- DVD cover
- Directed by: Gregory Dark
- Screenplay by: Jon Robert Samsel Georges des Esseintes
- Produced by: Andrew W. Garroni
- Starring: Maxwell Caulfield Jan-Michael Vincent Shannon Whirry Delia Sheppard
- Cinematography: Wally Pfister
- Edited by: James Avalon
- Music by: Joseph Smith
- Production company: Wilshire Film Ventures
- Distributed by: Axis Films International
- Release date: October 21, 1992 (United States);
- Running time: 95 minutes
- Country: United States
- Language: English

= Animal Instincts (film) =

1992 American film

Animal Instincts is a 1992 American erotic thriller drama film directed by Gregory Dark and starring Maxwell Caulfield, Shannon Whirry, Jan-Michael Vincent and David Carradine. This film spawned two sequels: Animal Instincts 2 (1994) (also with Whirry) and Animal Instincts 3 (also known as Animal Instincts: The Seductress).

==Synopsis==
Joanna (Whirry) is married to David Cole (Caulfield), a police officer. While they love each other, their marriage is in a precarious position, as David's sexual impotence prevents them from being intimate with each other. A sexually frustrated Joanna ends up having an extramarital affair with a cable repairman; when they are caught in the act by David, David's response is to passionately have sex with Joanna, to Joanna's surprise. Joanna concludes that he "likes to watch", so they begin engaging in voyeurism: Joanna begins multiple affairs with several other men in her and David's home, which David videotapes with a hidden camera to later watch. Problems arise, however, when the local mob learns about their sexual activities, and their leader (Carradine) blackmails them into videotaping an encounter with a crooked politician (Vincent).

==Cast==
- Shannon Whirry as Joanna
- Maxwell Caulfield as David
- David Carradine as William
- Jan-Michael Vincent as Fletcher Ross
- Mitch Gaylord as Rod Tennison
- John Saxon as Otto Van Horne
- Delia Sheppard as Ingrid
- Tom Reilly as Kena
- Wendy Walsh as Interviewer

==Release and reception==
Animal Instincts was rated R in the United States for explicit sexual material and profanity. Similar ratings were bestowed on the film in Australia under the Office of Film and Literature Classification Rating Board (for "high level sexual material") and the British Board of Film Classification (BBFC) Rating System Network.
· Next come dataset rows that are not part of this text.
(* Let $N\in\mathbb{C}^{m\times n}$ have rank $r$ and singular value decomposition $N=U\begin{pmatrix}\Sigma & 0\\ 0 & 0\end{pmatrix}V^{\ast}$, where $\Sigma\in\mathbb{C}^{r\times r}$ is diagonal with positive diagonal entries and $U\in\mathbb{C}^{m\times m}$, $V\in\mathbb{C}^{n\times n}$ are unitary. Let $X\in\mathbb{C}^{m\times m}$ and $Y\in\mathbb{C}^{n\times n}$ be nonsingular and let $M=XNY$. Assume that $X=U\begin{pmatrix}X_{1} & 0\\ X_{2} & X_{4}\end{pmatrix}U^{\ast}$ for some blocks $X_{1}\in\mathbb{C}^{r\times r}$, $X_{2}\in\mathbb{C}^{(m-r)\times r}$, $X_{4}\in\mathbb{C}^{(m-r)\times(m-r)}$, and $Y=V\begin{pmatrix}Y_{1} & Y_{3}\\ 0 & Y_{4}\end{pmatrix}V^{\ast}$ for some blocks $Y_{1}\in\mathbb{C}^{r\times r}$, $Y_{3}\in\mathbb{C}^{r\times(n-r)}$, $Y_{4}\in\mathbb{C}^{(n-r)\times(n-r)}$. If both $XE_{N}$ and $F_{N}Y$ are Hermitian, then $$M^{\dagger}=(I+L^{\ast})(I+LL^{\ast})^{-1}Y^{-1}N^{\dagger}X^{-1}(I+R^{\ast}R)^{-1}(I+R^{\ast}),$$ where $R=XE_{N}X^{-1}(E_{N}-I)$ and $L=(F_{N}-I)Y^{-1}F_{N}Y$.
   Context: For a complex matrix $A$, $A^{\ast}$ is its conjugate transpose and $A^{\dagger}$ its Moore--Penrose inverse. $E_{A}:=I-AA^{\dagger}$ and $F_{A}:=I-A^{\dagger}A$. $I$ denotes an identity matrix of the appropriate size. *)

From HB Require Import structures.
From mathcomp Require Import all_boot all_order all_algebra.
From Stdlib Require Import ClassicalEpsilon.
Set Implicit Arguments. Unset Strict Implicit. Unset Printing Implicit Defensive.
Import GRing.Theory Num.Theory.
Local Open Scope ring_scope.

Definition ctmx (C : numClosedFieldType) (m n : nat) (A : 'M[C]_(m, n))
  : 'M[C]_(n, m) := (map_mx Num.conj A)^T.

Definition is_mp_inverse (C : numClosedFieldType) (m n : nat)
  (A : 'M[C]_(m, n)) (X : 'M[C]_(n, m)) : Prop :=
  [/\ A *m X *m A = A, X *m A *m X = X,
      ctmx (A *m X) = A *m X & ctmx (X *m A) = X *m A].

(* The Moore--Penrose inverse A^dagger: the (unique, always existing)
   matrix satisfying the Penrose equations. *)
Definition pinv (C : numClosedFieldType) (m n : nat) (A : 'M[C]_(m, n))
  : 'M[C]_(n, m) :=
  epsilon (inhabits 0) (fun X => is_mp_inverse A X).

Definition EA (C : numClosedFieldType) (m n : nat) (A : 'M[C]_(m, n))
  : 'M[C]_m := 1%:M - A *m pinv A.
Definition FA (C : numClosedFieldType) (m n : nat) (A : 'M[C]_(m, n))
  : 'M[C]_n := 1%:M - pinv A *m A.

Definition unitary_mx (C : numClosedFieldType) (n : nat) (U : 'M[C]_n) : Prop :=
  U *m ctmx U = 1%:M /\ ctmx U *m U = 1%:M.

Definition hermitian_mx (C : numClosedFieldType) (n : nat) (A : 'M[C]_n) : Prop :=
  ctmx A = A.

From HB Require Import structures.
From mathcomp Require Import all_boot all_order all_algebra.
From Stdlib Require Import ClassicalEpsilon.
Import GRing.Theory Num.Theory.
Local Open Scope ring_scope.
Set Implicit Arguments. Unset Strict Implicit. Unset Printing Implicit Defensive.

(* The map A |-> P A Q^H with P, Q unitary carries Moore-Penrose inverses to
   Moore-Penrose inverses and commutes with E_N, F_N, inverses and conjugate
   transposes, hence with R, L and the whole right-hand side; so we may take
   U = V = I.  Then N = diag(D, 0), R = [0 0; K 0] and L = [0 J; 0 0] with
   K = X2 X1^-1 and J = Y1^-1 Y3, and M = [I; K] (X1 D Y1) [I J] is a full-rank
   factorization.  The right-hand side collapses to
   [I J]^H (I + J J^H)^-1 (X1 D Y1)^-1 (I + K^H K)^-1 [I; K]^H,
   which is the Moore-Penrose inverse of that factorization. *)

Lemma mulmx1_invmx (R : comUnitRingType) n (A B : 'M[R]_n) :
  A *m B = 1%:M -> invmx A = B.
Proof.
by move=> AB; have [Au _] := mulmx1_unit AB; rewrite -[invmx A]mulmx1 -AB mulKmx.
Qed.

Lemma invmxM (R : comUnitRingType) n (A B : 'M[R]_n) :
  A \in unitmx -> B \in unitmx -> invmx (A *m B) = invmx B *m invmx A.
Proof. by move=> Au Bu; apply: mulmx1_invmx; rewrite mulmxA mulmxK // mulmxV. Qed.

Section BlockTriangular.
Variables (R : comUnitRingType) (n1 n2 : nat).

Lemma unitmx_lblock (A : 'M[R]_n1) (B : 'M[R]_(n2, n1)) (D : 'M[R]_n2) :
  (block_mx A 0 B D \in unitmx) = (A \in unitmx) && (D \in unitmx).
Proof. by rewrite !unitmxE det_lblock unitrM. Qed.

Lemma unitmx_ublock (A : 'M[R]_n1) (B : 'M[R]_(n1, n2)) (D : 'M[R]_n2) :
  (block_mx A B 0 D \in unitmx) = (A \in unitmx) && (D \in unitmx).
Proof. by rewrite !unitmxE det_ublock unitrM. Qed.

Lemma invmx_lblock (A : 'M[R]_n1) (B : 'M[R]_(n2, n1)) (D : 'M[R]_n2) :
  A \in unitmx -> D \in unitmx ->
  invmx (block_mx A 0 B D) =
    block_mx (invmx A) 0 (- (invmx D *m B *m invmx A)) (invmx D).
Proof.
move=> Au Du; apply: mulmx1_invmx; rewrite mulmx_block.
rewrite !(mulmx0, mul0mx, addr0, add0r) mulmxN !mulmxA !mulmxV // mul1mx subrr.
by rewrite -scalar_mx_block.
Qed.

Lemma invmx_ublock (A : 'M[R]_n1) (B : 'M[R]_(n1, n2)) (D : 'M[R]_n2) :
  A \in unitmx -> D \in unitmx ->
  invmx (block_mx A B 0 D) =
    block_mx (invmx A) (- (invmx A *m B *m invmx D)) 0 (invmx D).
Proof.
move=> Au Du; apply: mulmx1_invmx; rewrite mulmx_block.
rewrite !(mulmx0, mul0mx, addr0, add0r) mulmxN !mulmxA !mulmxV // mul1mx addNr.
by rewrite -scalar_mx_block.
Qed.

End BlockTriangular.

Section ConjugateTranspose.
Variable C : numClosedFieldType.

Lemma ctmx_mul m n k (A : 'M[C]_(m, n)) (B : 'M[C]_(n, k)) :
  ctmx (A *m B) = ctmx B *m ctmx A.
Proof. by rewrite /ctmx map_mxM trmx_mul. Qed.

Lemma ctmxK m n (A : 'M[C]_(m, n)) : ctmx (ctmx A) = A.
Proof. by apply/matrixP=> i j; rewrite /ctmx !mxE conjCK. Qed.

Lemma ctmx1 n : ctmx (1%:M : 'M[C]_n) = 1%:M.
Proof. by rewrite /ctmx map_mx1 trmx1. Qed.

Lemma ctmx0 m n : ctmx (0 : 'M[C]_(m, n)) = 0.
Proof. by rewrite /ctmx map_mx0 trmx0. Qed.

Lemma ctmx_block m1 m2 n1 n2 (A : 'M[C]_(m1, n1)) (B : 'M[C]_(m1, n2))
    (D : 'M[C]_(m2, n1)) (E : 'M[C]_(m2, n2)) :
  ctmx (block_mx A B D E) = block_mx (ctmx A) (ctmx D) (ctmx B) (ctmx E).
Proof. by rewrite /ctmx map_block_mx tr_block_mx. Qed.

Lemma ctmx_row m n1 n2 (A : 'M[C]_(m, n1)) (B : 'M[C]_(m, n2)) :
  ctmx (row_mx A B) = col_mx (ctmx A) (ctmx B).
Proof. by rewrite /ctmx map_row_mx tr_row_mx. Qed.

Lemma ctmx_col m1 m2 n (A : 'M[C]_(m1, n)) (B : 'M[C]_(m2, n)) :
  ctmx (col_mx A B) = row_mx (ctmx A) (ctmx B).
Proof. by rewrite /ctmx map_col_mx tr_col_mx. Qed.

Lemma unitmx_ctmx n (A : 'M[C]_n) : (ctmx A \in unitmx) = (A \in unitmx).
Proof. by rewrite /ctmx unitmx_tr map_unitmx. Qed.

Lemma ctmxV n (A : 'M[C]_n) : ctmx (invmx A) = invmx (ctmx A).
Proof.
have [Au | Aun] := boolP (A \in unitmx).
  by apply/esym/mulmx1_invmx; rewrite -ctmx_mul mulVmx // ctmx1.
by rewrite !invmx_out // inE unitmx_ctmx.
Qed.

Lemma unitmx_1Dgram m n (A : 'M[C]_(m, n)) : 1%:M + ctmx A *m A \in unitmx.
Proof.
rewrite -row_free_unit; apply/inj_row_free => v; rewrite mulmxDr mulmx1 => v0.
have dotmx_ctmx k (u : 'rV[C]_k) : dotmx u u = (u *m ctmx u) 0 0.
  by rewrite dotmxE /ctmx map_trmx.
have : v *m ctmx v + v *m ctmx A *m ctmx (v *m ctmx A) = 0.
  by rewrite ctmx_mul ctmxK !mulmxA -mulmxDl -(mulmxA v) v0 mul0mx.
move/(congr1 (fun B : 'M[C]_1 => B 0 0)); rewrite [LHS]mxE [RHS]mxE -!dotmx_ctmx.
by move/eqP; rewrite paddr_eq0 ?dnorm_ge0 // dnorm_eq0 => /andP[/eqP].
Qed.

End ConjugateTranspose.

Section MoorePenrose.
Variable C : numClosedFieldType.

Lemma mp_inverse_unique m n (A : 'M[C]_(m, n)) (Z1 Z2 : 'M[C]_(n, m)) :
  is_mp_inverse A Z1 -> is_mp_inverse A Z2 -> Z1 = Z2.
Proof.
case=> AZA1 ZAZ1 AZh1 ZAh1 [AZA2 ZAZ2 AZh2 ZAh2].
have Z1E : Z1 = Z1 *m A *m Z2.
  have {1}-> : Z1 = Z1 *m ctmx Z1 *m ctmx A.
    by rewrite -mulmxA -ctmx_mul AZh1 mulmxA ZAZ1.
  have -> : ctmx A = ctmx A *m (A *m Z2) by rewrite -AZh2 -ctmx_mul AZA2.
  by rewrite !mulmxA -(mulmxA Z1) -ctmx_mul AZh1 mulmxA ZAZ1.
have Z2E : Z2 = Z1 *m A *m Z2.
  have {1}-> : Z2 = ctmx A *m ctmx Z2 *m Z2 by rewrite -ctmx_mul ZAh2 ZAZ2.
  have -> : ctmx A = Z1 *m A *m ctmx A by rewrite -ZAh1 -ctmx_mul mulmxA AZA1.
  rewrite -(mulmxA (Z1 *m A)) -ctmx_mul ZAh2.
  by rewrite -!mulmxA (mulmxA Z2) ZAZ2.
exact: etrans Z1E (esym Z2E).
Qed.

Lemma pinv_unique m n (A : 'M[C]_(m, n)) (Z : 'M[C]_(n, m)) :
  is_mp_inverse A Z -> pinv A = Z.
Proof.
move=> AZ; apply: (mp_inverse_unique _ AZ); rewrite /pinv.
by apply: epsilon_spec; exists Z.
Qed.

Lemma mp_inverse_mulmx m n k (B : 'M[C]_(m, k)) (B' : 'M[C]_(k, m))
    (D : 'M[C]_(k, n)) (D' : 'M[C]_(n, k)) :
  B' *m B = 1%:M -> D *m D' = 1%:M ->
  ctmx (B *m B') = B *m B' -> ctmx (D' *m D) = D' *m D ->
  is_mp_inverse (B *m D) (D' *m B').
Proof.
move=> BB' DD' BB'h D'Dh.
have BDD'B' : B *m D *m (D' *m B') = B *m B' by rewrite !mulmxA -(mulmxA B) DD' mulmx1.
have D'B'BD : D' *m B' *m (B *m D) = D' *m D by rewrite !mulmxA -(mulmxA D') BB' mulmx1.
split; rewrite ?BDD'B' ?D'B'BD //.
- by rewrite mulmxA -(mulmxA B) BB' mulmx1.
- by rewrite -mulmxA (mulmxA D) DD' mul1mx.
Qed.

Lemma mp_inverse_full_rank m n k (B : 'M[C]_(m, k)) (W : 'M[C]_k) (D : 'M[C]_(k, n)) :
  ctmx B *m B \in unitmx -> W \in unitmx -> D *m ctmx D \in unitmx ->
  is_mp_inverse (B *m W *m D)
    (ctmx D *m invmx (D *m ctmx D) *m invmx W *m invmx (ctmx B *m B) *m ctmx B).
Proof.
move=> Bu Wu Du.
pose G := invmx (ctmx B *m B); pose H := invmx (D *m ctmx D).
have -> : ctmx D *m H *m invmx W *m G *m ctmx B =
          (ctmx D *m H) *m (invmx W *m G *m ctmx B) by rewrite !mulmxA.
have hermG : ctmx G = G by rewrite ctmxV ctmx_mul ctmxK.
have hermH : ctmx H = H by rewrite ctmxV ctmx_mul ctmxK.
apply: mp_inverse_mulmx.
- by rewrite !mulmxA -(mulmxA _ _ B) -(mulmxA (invmx W)) mulVmx // mulmx1 mulVmx.
- by rewrite mulmxA mulmxV.
- by rewrite !mulmxA mulmxK // !ctmx_mul ctmxK hermG !mulmxA.
- by rewrite !ctmx_mul ctmxK hermH !mulmxA.
Qed.

End MoorePenrose.

Section UnitaryEquivalence.
Variable C : numClosedFieldType.

Definition uequiv m n (P : 'M[C]_m) (Q : 'M[C]_n) (A : 'M[C]_(m, n)) : 'M[C]_(m, n) :=
  P *m A *m ctmx Q.

Lemma uequivM m n k (P : 'M[C]_m) (Q : 'M[C]_n) (S : 'M[C]_k) A B :
  unitary_mx Q -> uequiv P Q A *m uequiv Q S B = uequiv P S (A *m B).
Proof. by case=> _ QQ; rewrite /uequiv !mulmxA -(mulmxA _ (ctmx Q)) QQ mulmx1. Qed.

Lemma uequiv1 n (P : 'M[C]_n) : unitary_mx P -> uequiv P P 1%:M = 1%:M.
Proof. by case=> PP _; rewrite /uequiv mulmx1. Qed.

Lemma uequivD m n (P : 'M[C]_m) (Q : 'M[C]_n) A B :
  uequiv P Q (A + B) = uequiv P Q A + uequiv P Q B.
Proof. by rewrite /uequiv mulmxDr mulmxDl. Qed.

Lemma uequivB m n (P : 'M[C]_m) (Q : 'M[C]_n) A B :
  uequiv P Q (A - B) = uequiv P Q A - uequiv P Q B.
Proof. by rewrite /uequiv mulmxBr mulmxBl. Qed.

Lemma uequiv1D n (P : 'M[C]_n) A :
  unitary_mx P -> 1%:M + uequiv P P A = uequiv P P (1%:M + A).
Proof. by move=> hP; rewrite uequivD uequiv1. Qed.

Lemma uequivB1 n (P : 'M[C]_n) A :
  unitary_mx P -> uequiv P P A - 1%:M = uequiv P P (A - 1%:M).
Proof. by move=> hP; rewrite uequivB uequiv1. Qed.

Lemma ctmx_uequiv m n (P : 'M[C]_m) (Q : 'M[C]_n) A :
  ctmx (uequiv P Q A) = uequiv Q P (ctmx A).
Proof. by rewrite /uequiv !ctmx_mul ctmxK mulmxA. Qed.

Lemma invmx_uequiv n (P : 'M[C]_n) A :
  unitary_mx P -> invmx (uequiv P P A) = uequiv P P (invmx A).
Proof.
move=> hP; have [Pu Pctu] := mulmx1_unit hP.1.
have [Au | Aun] := boolP (A \in unitmx).
  by apply: mulmx1_invmx; rewrite uequivM // mulmxV // uequiv1.
by rewrite !invmx_out // inE !unitmx_mul Pu Pctu andbT.
Qed.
Animal Instincts was given mixed to substandard reviews by audience and film critics. Under Rotten Tomatoes, the audience gave the film only a 14% rating. Radio Times magazine gave two out of five stars to the film, describing it as "the thriller that made Shannon Whirry a favourite of the top-shelf brigade", and calling it Emmanuelle of the 1990s.